Elections françaises : l'onde de choc atteint Beyrouth

On ne vous le dira ni officiellement ni trop ouvertement, mais le système en place à Beyrouth est pris d’un certain malaise après le raz-de-marée qui a balayé la droite en France. Non pas seulement à cause de la forte sympathie qu’on éprouve pour un Chirac qui a visité deux fois le Liban, et qui est comme on sait un ami personnel de M. Hariri, mais aussi à cause de la peur de voir les assistances françaises, promises ou déjà entamées, fondre brusquement comme neige au soleil... Car les socialistes, pour être aussi généreux qu’ils l’ont promis à leurs électeurs, devront sans doute serrer la vis ailleurs et sabrer les programmes d’aide à l’étranger établis sous Balladur-Juppé.
Ceci étant, les Libanais en général se sont intéressés aux élections autant que les Français, qui globalement n’ont pas caché leur écœurement à l’égard de la chose politique toutes tendances confondues, ce dont le parti en place quel qu’il fût devait fatalement payer le prix.

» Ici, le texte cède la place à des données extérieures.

(* Let $\{\chi^{(n)}_{n-j}\}_{1\le j\le n}$, $n\ge1$, be positive numbers, and let $\sigma_{\min}\in[0,2)$. Define $\mathsf a^{(n)}_0:=(2-\sigma_{\min})\chi^{(n)}_0$ and $\mathsf a^{(n)}_{n-j}:=\chi^{(n)}_{n-j}$ for $1\le j\le n-1$, and assume that for every $n\ge2$: (row decrease) $\mathsf a^{(n)}_{n-j-1}\ge\mathsf a^{(n)}_{n-j}>0$ for $1\le j\le n-1$; (column decrease) $\mathsf a^{(n-1)}_{n-1-j}\ge\mathsf a^{(n)}_{n-j}$ for $1\le j\le n-1$; (algebraic convexity) $\mathsf a^{(n-1)}_{n-2-j}-\mathsf a^{(n-1)}_{n-1-j}\ge\mathsf a^{(n)}_{n-1-j}-\mathsf a^{(n)}_{n-j}$ for $1\le j\le n-2$. For a real sequence $(w_k)_{k\ge1}$ and $n\ge1$ define $$Y_n:=\sum_{j=1}^{n-1}\big(\mathsf a^{(n)}_{n-j-1}-\mathsf a^{(n)}_{n-j}\big)\Big(\sum_{\ell=j+1}^n w_\ell\Big)^2+\mathsf a^{(n)}_{n-1}\Big(\sum_{\ell=1}^n w_\ell\Big)^2,\qquad Y_0:=0,$$ and for $n\ge2$ $$R_n:=\sum_{j=1}^{n-2}\big(\mathsf a^{(n-1)}_{n-2-j}-\mathsf a^{(n-1)}_{n-1-j}-\mathsf a^{(n)}_{n-j-1}+\mathsf a^{(n)}_{n-j}\big)\Big(\sum_{\ell=j+1}^{n-1}w_\ell\Big)^2+\big(\mathsf a^{(n-1)}_{n-2}-\mathsf a^{(n)}_{n-1}\big)\Big(\sum_{\ell=1}^{n-1}w_\ell\Big)^2,$$ $R_1:=0$. Then $Y_n\ge0$, $R_n\ge0$, $$2w_n\sum_{j=1}^n\chi^{(n)}_{n-j}w_j=Y_n-Y_{n-1}+\sigma_{\min}\chi^{(n)}_0w_n^2+R_n\qquad\text{for } n\ge1,$$ and consequently $$2\sum_{k=1}^n w_k\sum_{j=1}^k\chi^{(k)}_{k-j}w_j\ge Y_n+\sigma_{\min}\sum_{k=1}^n\chi^{(k)}_0w_k^2\qquad\text{for } n\ge1.$$ *)

From mathcomp Require Import all_boot all_order all_algebra.
Set Implicit Arguments. Unset Strict Implicit. Unset Printing Implicit Defensive.
Import Order.TTheory GRing.Theory Num.Theory.
Local Open Scope ring_scope.

(* chi n k  stands for  chi^{(n)}_k  (meaningful for n >= 1, 0 <= k <= n-1). *)

Definition acoef (R : realFieldType) (sigma : R) (chi : nat -> nat -> R)
  (n k : nat) : R :=
  if k == 0%N then (2 - sigma) * chi n 0%N else chi n k.

Definition Yseq (R : realFieldType) (sigma : R) (chi : nat -> nat -> R)
  (w : nat -> R) (n : nat) : R :=
  if n == 0%N then 0 else
  \sum_(1 <= j < n)
     (acoef sigma chi n (n - j - 1) - acoef sigma chi n (n - j))
       * (\sum_(j.+1 <= l < n.+1) w l) ^+ 2
  + acoef sigma chi n (n - 1) * (\sum_(1 <= l < n.+1) w l) ^+ 2.

Definition Rseq (R : realFieldType) (sigma : R) (chi : nat -> nat -> R)
  (w : nat -> R) (n : nat) : R :=
  if (n <= 1)%N then 0 else
  \sum_(1 <= j < n.-1)
     (acoef sigma chi n.-1 (n - 2 - j) - acoef sigma chi n.-1 (n - 1 - j)
      - acoef sigma chi n (n - j - 1) + acoef sigma chi n (n - j))
       * (\sum_(j.+1 <= l < n) w l) ^+ 2
  + (acoef sigma chi n.-1 (n - 2) - acoef sigma chi n (n - 1))
       * (\sum_(1 <= l < n) w l) ^+ 2.

From mathcomp Require Import all_boot all_order all_algebra.
From mathcomp Require Import zify ring lra.

(* With [b_j := a^(n)_(n-j)] and tail sums [T_j := w_j + ... + w_n], [Y_n] is
   the quadratic form [sum_(j<n) (b_(j+1) - b_j) T_(j+1)^2 + b_1 T_1^2], which
   is nonnegative when [b] is nondecreasing with [b_1 >= 0].  Summation by parts
   shows that appending [w_(n+1)] while keeping the coefficients raises the form
   by [2 w_(n+1) sum_j b_j w_j + b_(n+1) w_(n+1)^2]; since the form is linear in
   [b], replacing the coefficients of [Y_(n-1)] by those of step [n] costs
   exactly [R_n], the same form with coefficients [b^(n-1) - b^(n)], which is
   nonnegative by column decrease and algebraic convexity.  Summing the
   one-step identities over [n] gives the final inequality. *)

Set Implicit Arguments.
Unset Strict Implicit.
Unset Printing Implicit Defensive.
Import Order.TTheory GRing.Theory Num.Theory.
Local Open Scope ring_scope.

Section TailForm.

Variable R : realFieldType.
Implicit Types b c w : nat -> R.

Definition tail_form b w n : R :=
  \sum_(1 <= j < n) (b j.+1 - b j) * (\sum_(j.+1 <= l < n.+1) w l) ^+ 2
  + b 1%N * (\sum_(1 <= l < n.+1) w l) ^+ 2.

Lemma tail_form0 b w : tail_form b w 0 = 0.
Proof. by rewrite /tail_form !big_geq // expr0n mulr0 addr0. Qed.

Lemma big_nat_recr0 (F : nat -> R) k n :
  F n = 0 -> \sum_(k <= i < n.+1) F i = \sum_(k <= i < n) F i.
Proof.
move=> Fn0; have [le_kn | lt_nk] := leqP k n.
  by rewrite big_nat_recr //= Fn0 addr0.
by rewrite !big_geq // ltnW.
Qed.

Lemma summation_by_parts b w m :
  \sum_(1 <= j < m) (b j.+1 - b j) * (\sum_(j.+1 <= l < m.+1) w l)
  + b 1%N * (\sum_(1 <= l < m.+1) w l) = \sum_(1 <= j < m.+1) b j * w j.
Proof.
elim: m => [|m IH]; first by rewrite !big_geq // mulr0 addr0.
under eq_big_nat => j /andP[_ lt_jm] do rewrite big_nat_recr // mulrDr.
rewrite big_split /= -mulr_suml telescope_sumr // big_nat_recr0; last first.
  by rewrite big_geq // mulr0.
rewrite [\sum_(1 <= l < m.+2) w l]big_nat_recr // [RHS]big_nat_recr //= -IH.
ring.
Qed.

Lemma tail_formS b w m :
  tail_form b w m.+1 - tail_form b w m
  = 2 * w m.+1 * \sum_(1 <= j < m.+1) b j * w j + b m.+1 * w m.+1 ^+ 2.
Proof.
rewrite /tail_form.
have expand_sq j : (j < m.+1)%N ->
    (b j.+1 - b j) * (\sum_(j.+1 <= l < m.+2) w l) ^+ 2
    = (b j.+1 - b j) * (\sum_(j.+1 <= l < m.+1) w l) ^+ 2
      + 2 * w m.+1 * ((b j.+1 - b j) * \sum_(j.+1 <= l < m.+1) w l)
      + w m.+1 ^+ 2 * (b j.+1 - b j).
  by move=> lt_jm; rewrite big_nat_recr //=; ring.
under eq_big_nat => j /andP[_ lt_jm] do rewrite expand_sq //.
rewrite !big_split /= -!mulr_sumr telescope_sumr //.
rewrite [\sum_(1 <= j < m.+1) _ * _ ^+ 2]big_nat_recr0; last first.
  by rewrite big_geq // expr0n mulr0.
rewrite [\sum_(1 <= j < m.+1) (_ - _) * _]big_nat_recr0; last first.
  by rewrite big_geq // mulr0.
rewrite -summation_by_parts.
rewrite [\sum_(1 <= l < m.+2) w l]big_nat_recr //=.
ring.
Qed.

Lemma tail_formB b c w n :
  tail_form (fun j => b j - c j) w n = tail_form b w n - tail_form c w n.
Proof.
rewrite /tail_form.
rewrite (eq_bigr (fun j => (b j.+1 - b j) * (\sum_(j.+1 <= l < n.+1) w l) ^+ 2
                          - (c j.+1 - c j) * (\sum_(j.+1 <= l < n.+1) w l) ^+ 2)).
  by rewrite sumrB; ring.
by move=> j _; ring.
Qed.

Lemma tail_form_ge0 b w n :
  {in [pred j | 1 <= j < n]%N, forall j, b j <= b j.+1} -> 0 <= b 1%N ->
  0 <= tail_form b w n.
Proof.
move=> b_incr b1_ge0; apply: addr_ge0; last by rewrite mulr_ge0 ?sqr_ge0.
rewrite big_nat_cond; apply: sumr_ge0 => j /andP[j_range _].
by rewrite mulr_ge0 ?sqr_ge0 // subr_ge0 b_incr.
Qed.

End TailForm.

Definition acoef_rev (R : realFieldType) (sigma : R) (chi : nat -> nat -> R)
  (n j : nat) : R :=
  acoef sigma chi n (n - j).

Section EnergyIdentity.

Variables (R : realFieldType) (sigma : R) (chi : nat -> nat -> R) (w : nat -> R).
Local Notation b := (acoef_rev sigma chi).
Local Notation Y := (Yseq sigma chi w).
Local Notation Rem := (Rseq sigma chi w).

Lemma Yseq_tail_form n : Y n = tail_form (b n) w n.
Proof.
case: n => [|n]; first by rewrite tail_form0.
rewrite /Yseq /tail_form /=.
by congr (_ + _); apply: eq_big_nat => j _; rewrite /acoef_rev -subnDA addn1.
Qed.

Lemma Rseq_tail_form n : Rem n.+1 = tail_form (fun j => b n j - b n.+1 j) w n.
Proof.
case: n => [|n]; first by rewrite tail_form0.
rewrite /Rseq /tail_form /acoef_rev /=.
have -> : (n.+2 - 2 = n.+1 - 1)%N by lia.
congr (_ + _); apply: eq_big_nat => j /andP[_ lt_jn].
have -> : (n.+2 - 2 - j = n.+1 - j.+1)%N by lia.
have -> : (n.+2 - 1 - j = n.+1 - j)%N by lia.
rewrite -subnDA addn1; ring.
Qed.

Lemma Yseq_step n :
  2 * w n.+1 * (\sum_(1 <= j < n.+2) chi n.+1 (n.+1 - j)%N * w j)
  = Y n.+1 - Y n + sigma * chi n.+1 0%N * w n.+1 ^+ 2 + Rem n.+1.
Proof.
have -> : Y n.+1 - Y n + sigma * chi n.+1 0%N * w n.+1 ^+ 2 + Rem n.+1
    = tail_form (b n.+1) w n.+1 - tail_form (b n.+1) w n
      + sigma * chi n.+1 0%N * w n.+1 ^+ 2.
  by rewrite !Yseq_tail_form Rseq_tail_form tail_formB; ring.
have chi_rev : \sum_(1 <= j < n.+1) chi n.+1 (n.+1 - j)%N * w j
    = \sum_(1 <= j < n.+1) b n.+1 j * w j.
  by apply: eq_big_nat => j /andP[_ lt_jn]; rewrite /acoef_rev /acoef subn_eq0 leqNgt lt_jn.
rewrite tail_formS big_nat_recr //= chi_rev /acoef_rev /acoef subnn /=; ring.
Qed.

Lemma Yseq_telescope n :
  2 * (\sum_(1 <= k < n.+1) w k * (\sum_(1 <= j < k.+1) chi k (k - j)%N * w j))
  = Y n + sigma * (\sum_(1 <= k < n.+1) chi k 0%N * w k ^+ 2)
    + \sum_(1 <= k < n.+1) Rem k.
Proof.
elim: n => [|n IH]; first by rewrite !big_geq // /Yseq /=; ring.
rewrite [in LHS]big_nat_recr //= mulrDr IH mulrA Yseq_step.
rewrite ![in RHS](big_nat_recr n.+1) //=; ring.
Qed.

End EnergyIdentity.

Section Nonnegativity.

Variables (R : realFieldType) (sigma : R) (chi : nat -> nat -> R) (w : nat -> R).
Local Notation a := (acoef sigma chi).

Lemma Yseq_ge0 (chi1_pos : 0 < chi 1%N 0%N) (sigma_lt2 : sigma < 2)
  (row_dec : forall n j, (2 <= n)%N -> (1 <= j <= n - 1)%N ->
     a n (n - j - 1)%N >= a n (n - j)%N /\ a n (n - j)%N > 0) n :
  0 <= Yseq sigma chi w n.
Proof.
rewrite Yseq_tail_form.
case: n => [|[|n]]; first by rewrite tail_form0.
  apply: tail_form_ge0 => [j /[!inE] j_range|]; first by exfalso; lia.
  by rewrite /acoef_rev /acoef /= mulr_ge0 ?subr_ge0 ?ltW.
apply: tail_form_ge0 => [j /[!inE] j_range|]; rewrite /acoef_rev.
  by have [] := row_dec n.+2 j isT ltac:(lia); rewrite -subnDA addn1.
by have [_ /ltW] := row_dec n.+2 1%N isT isT.
Qed.

Lemma Rseq_ge0
  (col_dec : forall n j, (2 <= n)%N -> (1 <= j <= n - 1)%N ->
     a (n - 1)%N (n - 1 - j)%N >= a n (n - j)%N)
  (alg_conv : forall n j, (2 <= n)%N -> (1 <= j <= n - 2)%N ->
     a (n - 1)%N (n - 2 - j)%N - a (n - 1)%N (n - 1 - j)%N
     >= a n (n - 1 - j)%N - a n (n - j)%N) n :
  0 <= Rseq sigma chi w n.
Proof.
case: n => [|[|n]]; first by rewrite /Rseq.
  by rewrite Rseq_tail_form tail_form0.
rewrite Rseq_tail_form.
apply: tail_form_ge0 => [j /[!inE] j_range|]; rewrite /acoef_rev.
  have := alg_conv n.+2 j isT ltac:(lia).
  have -> : (n.+2 - 1 = n.+1)%N by lia.
  have -> : (n.+2 - 2 - j = n.+1 - j.+1)%N by lia.
  rewrite subSS; lra.
have := col_dec n.+2 1%N isT isT.
have -> : (n.+2 - 1 = n.+1)%N by lia.
by rewrite subr_ge0.
Qed.

End Nonnegativity.

Theorem lemma2p3 (R : realFieldType) (chi : nat -> nat -> R) (sigma : R)
  (w : nat -> R)
  (chi_pos : forall n j, (1 <= j <= n)%N -> 0 < chi n (n - j)%N)
  (sigma_ge0 : 0 <= sigma) (sigma_lt2 : sigma < 2)
  (row_dec : forall n j, (2 <= n)%N -> (1 <= j <= n - 1)%N ->
     acoef sigma chi n (n - j - 1)%N >= acoef sigma chi n (n - j)%N /\
     acoef sigma chi n (n - j)%N > 0)
  (col_dec : forall n j, (2 <= n)%N -> (1 <= j <= n - 1)%N ->
     acoef sigma chi (n - 1)%N (n - 1 - j)%N >= acoef sigma chi n (n - j)%N)
  (alg_conv : forall n j, (2 <= n)%N -> (1 <= j <= n - 2)%N ->
     acoef sigma chi (n - 1)%N (n - 2 - j)%N - acoef sigma chi (n - 1)%N (n - 1 - j)%N
     >= acoef sigma chi n (n - 1 - j)%N - acoef sigma chi n (n - j)%N) :
  forall n : nat, (1 <= n)%N ->
    [/\ 0 <= Yseq sigma chi w n,
        0 <= Rseq sigma chi w n,
        2 * w n * (\sum_(1 <= j < n.+1) chi n (n - j)%N * w j)
          = Yseq sigma chi w n - Yseq sigma chi w n.-1
            + sigma * chi n 0%N * w n ^+ 2 + Rseq sigma chi w n
      & 2 * (\sum_(1 <= k < n.+1) w k * (\sum_(1 <= j < k.+1) chi k (k - j)%N * w j))
          >= Yseq sigma chi w n + sigma * (\sum_(1 <= k < n.+1) chi k 0%N * w k ^+ 2)].
Proof.
have chi1_pos : 0 < chi 1%N 0%N := chi_pos 1%N 1%N isT.
have Rseq_nonneg := Rseq_ge0 w col_dec alg_conv.
move=> [//|n] _; split.
- exact: (Yseq_ge0 w chi1_pos sigma_lt2 row_dec).
- exact: Rseq_nonneg.
- exact: Yseq_step.
- by rewrite (Yseq_telescope sigma) lerDl sumr_ge0.
Qed.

Ici, du moins dans les salons, on est plutôt «gaulliste» et donc la déception est globalement perceptible. D’autant que le socialisme à l’occidentale, et surtout à la française, est assez étranger à la mentalité du cru, même chez nombre de progressistes locaux. D’autre part et comme «du dehors on voit mieux», selon l’adage, beaucoup de Libanais estiment, toujours dans les propos de salon ou de rue, que les Français, trop attachés à la Sécu et aux protections sociales de l’emploi qui rendent les licenciements (et par contrecoup les recrutements) difficiles, ne réalisent pas bien que cela ne peut plus marcher et qu’il faut s’adapter à la mondialisation, fait historique accompli... Ils s’inquiètent en fait que la cohabitation, encore possible sous Mitterrand, ne le soit plus en pratique désormais et craignent un grippage qui obligerait la France à se concentrer sur ses problèmes intérieurs et en affaiblirait le rôle dans le monde, singulièrement dans cette région où sa présence est très «complice» si l’on peut dire de la cause libanaise. En d’autres termes, on a un peu peur à Beyrouth que le nouveau gouvernement ne veuille prendre l’exact contre-pied de la politique pratiquée jusque-là par un Juppé qui pour sa part ne cessait de mettre solennellement en garde, depuis qu’il était ministre des Affaires étrangères, contre un règlement régional qui se ferait aux dépens du Liban. Certes, observent ces sources libanaises, l’amitié de la France est une constante qui, sauf sous de Guiringaud, ne s’est jamais démentie. «Mais, ajoute-t-on, les socialistes pourraient être tentés, si la cohabitation est dure, de multiplier les vexations faciles, imparables, à l’encontre de l’hôte de l’Elysée et il pourraient dès lors tourner à notre désavantage la trop solide amitié qui lie M. Chirac à M. Hariri...».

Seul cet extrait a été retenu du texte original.